The 32nd and 33rd Post Headquarters Companies started out as Women's Auxiliary Army Corps (WAAC). When the WAACs changed to WAC, many of the black women who had joined stayed on as WACs.

The black women enlisted in the WAACs started out in Fort Des Moines, Iowa, for training, and where they lived in segregated conditions from the white WAACs.
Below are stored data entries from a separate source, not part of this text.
(* Let $s\ge2$ and let $\mathcal{C}$ be an $[n,k,d]_q$ linear code with multiple $(r_i,\delta_i)_{i\in[s]}$ localities with respect to a partition $\mathcal{T}_1,\dots,\mathcal{T}_s$ of $[n]$, $n_i=|\mathcal{T}_i|$, $r_1\le\dots\le r_s$, $\delta_1\ge\dots\ge\delta_s\ge2$. Let $\Delta_0=0$ and $\Delta_j=\sum_{i=1}^{j}\lceil n_i/(r_i+\delta_i-1)\rceil(\delta_i-1)$ for $j=1,\dots,s-1$. Suppose $\sum_{i=1}^{s-1}r_i\lceil n_i/(r_i+\delta_i-1)\rceil\le k-1$ and, for each $j=1,\dots,s-1$, $$r_j\left\lceil\frac{\Delta_j-\Delta_{j-1}-1}{\delta_j-1}\right\rceil+(\Delta_j-\Delta_{j-1}-1)<n_j.$$ Then: (i) for $j=1,\dots,s-1$ and $\Delta_{j-1}\le x\le\Delta_j$, $$\Phi(x)\le\sum_{i=1}^{j-1}r_i\left\lceil\frac{n_i}{r_i+\delta_i-1}\right\rceil+r_j\left\lceil\frac{x-\Delta_{j-1}}{\delta_j-1}\right\rceil+x;$$ (ii) for $\Delta_{s-1}\le x\le\rho+1$, $$\Phi(x)\le\sum_{i=1}^{s-1}r_i\left\lceil\frac{n_i}{r_i+\delta_i-1}\right\rceil+r_s\left\lceil\frac{x-\Delta_{s-1}}{\delta_s-1}\right\rceil+x,$$ where $\rho=\max\{x:\Phi(x)-x<k\}$.
   Context: $[n]=\{1,\dots,n\}$. For an $[n,k,d]_q$ linear code $\mathcal{C}$ with generator matrix columns $\vec g_1,\dots,\vec g_n$, a regenerating set of coordinate $i$ is a subset $R\subseteq[n]$ with $i\in R$ such that $\vec g_i$ is an $\mathbb{F}_q$-linear combination of $\{\vec g_j\}_{j\in R\setminus\{i\}}$; regenerating sets are taken to be minimal (no proper subset of $R\setminus\{i\}$ suffices). $\mathcal{R}_i$ is the collection of regenerating sets of coordinate $i$. A sequence $R_1,\dots,R_m$ with $R_t\in\mathcal{R}_{l_t}$, $l_t\in[n]$, has a nontrivial union if $l_j\notin\bigcup_{t<j}R_t$ for all $j$. $\Phi(0)=0$ and for $x\ge1$, $\Phi(x)=\min\{|\bigcup_{t=1}^xR_t|: R_t\in\mathcal{R}_{l_t},\ R_1,\dots,R_x \text{ have a nontrivial union}\}$. Multiple $(r_i,\delta_i)_{i\in[s]}$ localities: $\mathcal{T}_1,\dots,\mathcal{T}_s$ is a partition of $[n]$, $r_1\le\dots\le r_s$ and $\delta_1\ge\dots\ge\delta_s\ge2$ are integers, and for each $i\in[s]$ and each $\iota\in\mathcal{T}_i$ there is $S_\iota\subseteq\mathcal{T}_i$ with $\iota\in S_\iota$, $\delta_i\le|S_\iota|\le r_i+\delta_i-1$, such that for every $E\subseteq S_\iota$ with $|E|=\delta_i-1$ and every $j\in E$, $(S_\iota\setminus E)\cup\{j\}\in\mathcal{R}_j$. *)

From HB Require Import structures.
From mathcomp Require Import all_boot all_order all_algebra.
Set Implicit Arguments. Unset Strict Implicit. Unset Printing Implicit Defensive.
Import GRing.Theory.
Local Open Scope ring_scope.

(* Linear code of length n, dimension k over a finite field F, given by a
   generator matrix G : 'M[F]_(k, n) of rank k; columns g_j = col j G. *)

Definition in_span (F : finFieldType) (k n : nat) (G : 'M[F]_(k, n))
    (S : {set 'I_n}) (i : 'I_n) : bool :=
  [exists c : {ffun 'I_n -> F}, col i G == \sum_(j in S) c j *: col j G].

Definition regen (F : finFieldType) (k n : nat) (G : 'M[F]_(k, n))
    (i : 'I_n) (R : {set 'I_n}) : bool :=
  [&& i \in R, in_span G (R :\ i) i &
      [forall S : {set 'I_n}, (S \proper (R :\ i)) ==> ~~ in_span G S i]].

Definition nontriv_union (F : finFieldType) (k n : nat) (G : 'M[F]_(k, n))
    (x : nat) (t : x.-tuple ('I_n * {set 'I_n})) : bool :=
  [forall j : 'I_x, regen G (tnth t j).1 (tnth t j).2 &&
     ((tnth t j).1 \notin \bigcup_(u < x | (u < j)%N) (tnth t u).2)].

Definition seq_union (n x : nat) (t : x.-tuple ('I_n * {set 'I_n})) :
  {set 'I_n} := \bigcup_(u < x) (tnth t u).2.

Definition Phi_defined (F : finFieldType) (k n : nat) (G : 'M[F]_(k, n))
    (x : nat) : bool :=
  [exists t : x.-tuple ('I_n * {set 'I_n}), nontriv_union G t].

(* Phi(x) = min |union|; the default n is never below an actual value,
   so when Phi_defined holds this is the true minimum. *)
Definition Phi (F : finFieldType) (k n : nat) (G : 'M[F]_(k, n))
    (x : nat) : nat :=
  \big[minn/n]_(t : x.-tuple ('I_n * {set 'I_n}) | nontriv_union G t)
     #|seq_union t|.

(* rho = max { x : Phi(x) - x < k }; any x with Phi defined satisfies x <= n. *)
Definition rho (F : finFieldType) (k n : nat) (G : 'M[F]_(k, n)) : nat :=
  \max_(x < n.+1 | Phi_defined G x && (Phi G x - x < k)%N) x.

Definition cdiv (a b : nat) : nat := ((a + b.-1) %/ b)%N.

(* T_0,...,T_{s-1} (0-based) is a partition of [n] into nonempty blocks *)
Definition is_partition (n s : nat) (T : nat -> {set 'I_n}) : Prop :=
  [/\ forall j : 'I_n, exists2 i, (i < s)%N & j \in T i,
      forall i i', (i < s)%N -> (i' < s)%N -> i <> i' -> [disjoint T i & T i'] &
      forall i, (i < s)%N -> T i != set0].

Definition multi_locality (F : finFieldType) (k n : nat) (G : 'M[F]_(k, n))
    (s : nat) (T : nat -> {set 'I_n}) (r delta : nat -> nat) : Prop :=
  forall i, (i < s)%N -> forall iota, iota \in T i ->
    exists S : {set 'I_n},
      [/\ S \subset T i, iota \in S, (delta i <= #|S|)%N,
          (#|S| <= r i + delta i - 1)%N &
          forall E : {set 'I_n}, E \subset S -> #|E| = (delta i - 1)%N ->
            forall j, j \in E -> regen G j ((S :\: E) :|: [set j])].

Definition nblk (n : nat) (T : nat -> {set 'I_n}) (r delta : nat -> nat)
    (i : nat) : nat := cdiv #|T i| (r i + delta i - 1).

(* Delta j = sum_{i < j} c_i (delta_i - 1)  (0-based: Delta j = paper's Delta_j) *)
Definition Delta (n : nat) (T : nat -> {set 'I_n}) (r delta : nat -> nat)
    (j : nat) : nat := (\sum_(i < j) nblk T r delta i * (delta i - 1))%N.

Definition Rsum (n : nat) (T : nat -> {set 'I_n}) (r delta : nat -> nat)
    (j : nat) : nat := (\sum_(i < j) r i * nblk T r delta i)%N.

From mathcomp Require Import all_boot all_order all_algebra zify.
Set Implicit Arguments. Unset Strict Implicit. Unset Printing Implicit Defensive.
Import Order.TTheory GRing.Theory.

(* Inside a locality group S, with |S| <= r + delta - 1 and any delta - 1 of its
   coordinates regenerable from the rest of S, delta - 1 uncovered coordinates can
   be appended to a sequence with nontrivial union at the cost of at most r further
   covered positions; when fewer than delta - 1 coordinates of S are uncovered they
   are appended for free.  Exhausting T_1, ..., T_{j-1} and then appending
   x - Delta_{j-1} coordinates of T_j gives (i); the hypothesis on n_j guarantees an
   uncovered coordinate of T_j at every step.  For (ii) the groups of all blocks are
   used, since r_i <= r_s and delta_i >= delta_s; there is room as long as the bound
   is below n, and Phi(x) <= n anyway.  Phi is defined up to rho + 1 by a rank
   argument: every column is spanned by the columns outside l_1, ..., l_x, so
   x <= n - k, and a longest sequence covers [n], so that rho is below its length. *)

Lemma leq_cdiv2r b a a' : a <= a' -> cdiv a b <= cdiv a' b.
Proof. by move=> le_aa'; rewrite /cdiv leq_div2r // leq_add2r. Qed.

Lemma leq_mul_cdiv q y b : 0 < b -> q * b <= y -> q <= cdiv y b.
Proof. by move=> b_gt0 le_qy; rewrite /cdiv leq_divRL //; lia. Qed.

Lemma ltn_mul_cdiv q y b : 0 < b -> q * b < y -> q < cdiv y b.
Proof. by move=> b_gt0 lt_qy; rewrite /cdiv leq_divRL // mulSn; lia. Qed.

Lemma cdiv_mulnK c b : 0 < b -> cdiv (c * b) b = c.
Proof.
move=> b_gt0; apply/eqP; rewrite eqn_leq leq_mul_cdiv // andbT.
by rewrite -ltnS ltn_divLR // mulSn; lia.
Qed.

Lemma exists_subset_card (T : finType) (A : {set T}) m :
  m <= #|A| -> exists2 E : {set T}, E \subset A & #|E| = m.
Proof.
case/card_geqP=> e [e_uniq <- eA]; exists [set x in e].
  by apply/subsetP=> x; rewrite inE => /eA.
by rewrite cardsE (card_uniqP e_uniq).
Qed.

Lemma exists_subset_between (T : finType) (A B : {set T}) m :
  A \subset B -> #|A| <= m <= #|B| ->
  exists E : {set T}, [/\ A \subset E, E \subset B & #|E| = m].
Proof.
move=> AB /andP[Am mB].
have [|E0] := @exists_subset_card _ (B :\: A) (m - #|A|).
  by rewrite cardsDS //; lia.
rewrite subsetD => /andP[E0B E0A] E0_card.
exists (A :|: E0); rewrite subsetUl subUset AB E0B; split=> //.
have := cardsUI A E0; rewrite disjoint_setI0 1?disjoint_sym // cards0; lia.
Qed.

Lemma exists_uncovered (T : finType) (U0 U Reg : {set T}) :
  U0 \subset U -> #|U| < #|U0| + #|Reg :\: U0| -> exists2 i, i \in Reg & i \notin U.
Proof.
move=> U0U U_lt; case: (boolP (Reg \subset U)) => [RegU | /subsetPn //].
have := subset_leq_card (setSD U0 RegU); rewrite [#|U :\: U0|]cardsDS //.
have := subset_leq_card U0U; lia.
Qed.

Section NontrivialSequences.
Variables (F : finFieldType) (k n : nat) (G : 'M[F]_(k, n)).
Local Notation pair := ('I_n * {set 'I_n})%type.

Definition covered (s : seq pair) : {set 'I_n} := \bigcup_(z <- s) z.2.

Fixpoint nontriv_seq (A : {set 'I_n}) (s : seq pair) : bool :=
  if s is z :: s' then
    [&& regen G z.1 z.2, z.1 \notin A & nontriv_seq (A :|: z.2) s']
  else true.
The 32nd and 33rd Post Headquarters Companies arrived at Fort Huachuca, Arizona on 4 December 1942. The WAACs arrived by five Pullman cars and were greeted by approximately 10,000 welcomers at the station. A new unit, including six barracks, two mess halls, and an administration building, was built in preparation for the women's arrival. A large recreation area for the WAACs was also built. This was about 500 feet long by 60 feet wide and included a basketball court and places to play volleyball, softball and tennis. After getting off the train, the WAACs stood in formation for the post commander, Colonel Edwin N. Hardy to review the troops on the parade field.

The primary duties of the 32nd and 33rd Post Headquarters Companies were to take over post support duties at Fort Huachuca from the 93rd Infantry Division, releasing them for "possible combat assignments." Jobs that the 32nd and 33rd companies took over included working as typists, stenographers, clerks, messengers, receptionists, switch-board operators, librarians, medical technicians, photographers and postal clerks, who were also known to the male soldiers as "postal packin' mamas."

The 32nd and 33rd Post Headquarters Companies had several officers, including Corrie Sherard, Frances C. Alexander, Geraldine Bright, Vera Harrison, Natalie F. Donaldson, Mildred L. Osby, and Violet Askins. Alexander was 2nd Lieutenant, and led the 32nd company. Mary Kearney, 2nd Lieutenant was commander of the 33rd.

The companies served until late 1945, when they were disbanded.